The Chmielus Advanced Manufacturing & Magnetic Materials Lab (AM³, www.chmieluslab.org) is focused on the influences and relationship of composition, impurities, manufacturing, and processing parameters on the microstructure and properties of structural and multifunctional metals in bulk, foam, thin films, and single crystalline form with a focus on 3D structures produced by additive manufacturing.
In additive manufacturing, we work on identifying the effects of powder properties, printing and processing parameters on green and further processed (e.g. sintering and aging) samples’ microstructure, porosity, residual stresses, mechanical, fatigue and multifunctional properties. We focus on all aspects of binder jet 3D printing and sintering but also use direct energy deposition, and selective laser melting/sintering and built custom-made printers for very small print volumes and magnetic materials. We have expertise working with a large variety of materials including Ni-based, Ti-, Cr-Co-alloys and other biocompatible materials, steels, carbides, multifunctional Heusler alloys.
The main focuses of this research group in functional materials is in ferromagnetic shape-memory alloys, high temperature shape memory, and magnetocaloric materials. We are mostly interested in microstructure, phase transformations, mechanical, thermal, magnetic properties.
In metal thin films and coatings, we are mostly interested in the effects of impurities and processing parameters on as-deposited films, but also phase-transformations, texture transformations and final properties, including resistivity, magnetization, texture, and mechanical properties. Furthermore, we investigate stresses during deposition and cycling.
Utilizing advanced manufacturing technologies in developing novel materials and coating techniques for thermal protection and cooling of hot sections in aeroengine and power generation turbines.

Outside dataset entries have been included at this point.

Lemma bclass_surj : set_surj (bdry_iotaM A (QA A)) (BM_quot A) (bclass A).
Proof.
move=> _ [_ [a [U [p [-> ext adm Up]]]] ->].
have [U' QU' UU'] := extension_QA ext.
have [Aa _ _ _ _] := ext.
have pb : rbdry U' (cran a) p := rbdry_restrict (cran_open Aa) adm.1 (UU' p Up).
have nar : ~ cran a p := rbdry_notin (cran_open Aa) pb.
have Nz : NQ A (QA A) ((a, U'), p) by split; [right|right].
exists (qclass A (QA A) ((a, U'), p)).
  exact/(bdry_iotaM_qclass cran_open QA_extension Nz).
(* [covers] ignores the extension domain, so (a, U', {p}) may stand for (a, U, {p}). *)
by rewrite (bclass_qclass cran_open QA_extension).
Qed.

End MaximalExtension.

Theorem mainTheorem7 (R : realType) (n : nat) (M : topologicalType)
    (A : set (chart R n M)) :
  smooth_manifold A ->
  exists f : set ((chart R n M * set 'rV[R]_n) * 'rV[R]_n) -> set (bset R n M),
    set_bij (bdry_iotaM A (QA A)) (BM_quot A) f.
Proof.
move=> [_ _ [charts _ _ _]].
have cran_open a : A a -> open (cran a) by case/charts.
exists (bclass A); split.
- exact: bclass_bdry_iotaM cran_open (QA_extension (A := A)).
- exact: bclass_inj cran_open (QA_extension (A := A)).
- exact: bclass_surj.
Qed.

More effective thermal protection and cooling design lead to an increased cycle efficiency and less fuel consumption.
Alloy design, thermomechanical processing, transformation and precipitation studies. Microstructural-Properties Optimization. Non-Destructive Testing (UT and EMAT techniques). Computer simulations and physical simulations (CAL and BA simulators).
The focus of the Jacobs Research Group is to reveal the atomic-scale processes governing the mechanical and transport properties of surfaces and interfaces at the nanoscale. Contacting surfaces are of critical importance in advanced nanoscale applications, including micro-/nano-electromechanical systems, manufacturing schemes, and microscopy applications. The function of such applications depends on the ability to precisely predict and control contact parameters such as contact stiffness, contact area, adhesion, and electrical contact resistance. Our group uses novel combinations of scanning probe microscopy, electron microscopy, and mechanical testing techniques to interrogate the mechanical behavior of contacts between nanoscale bodies, and the interdependence between mechanical properties and functional properties of the contact.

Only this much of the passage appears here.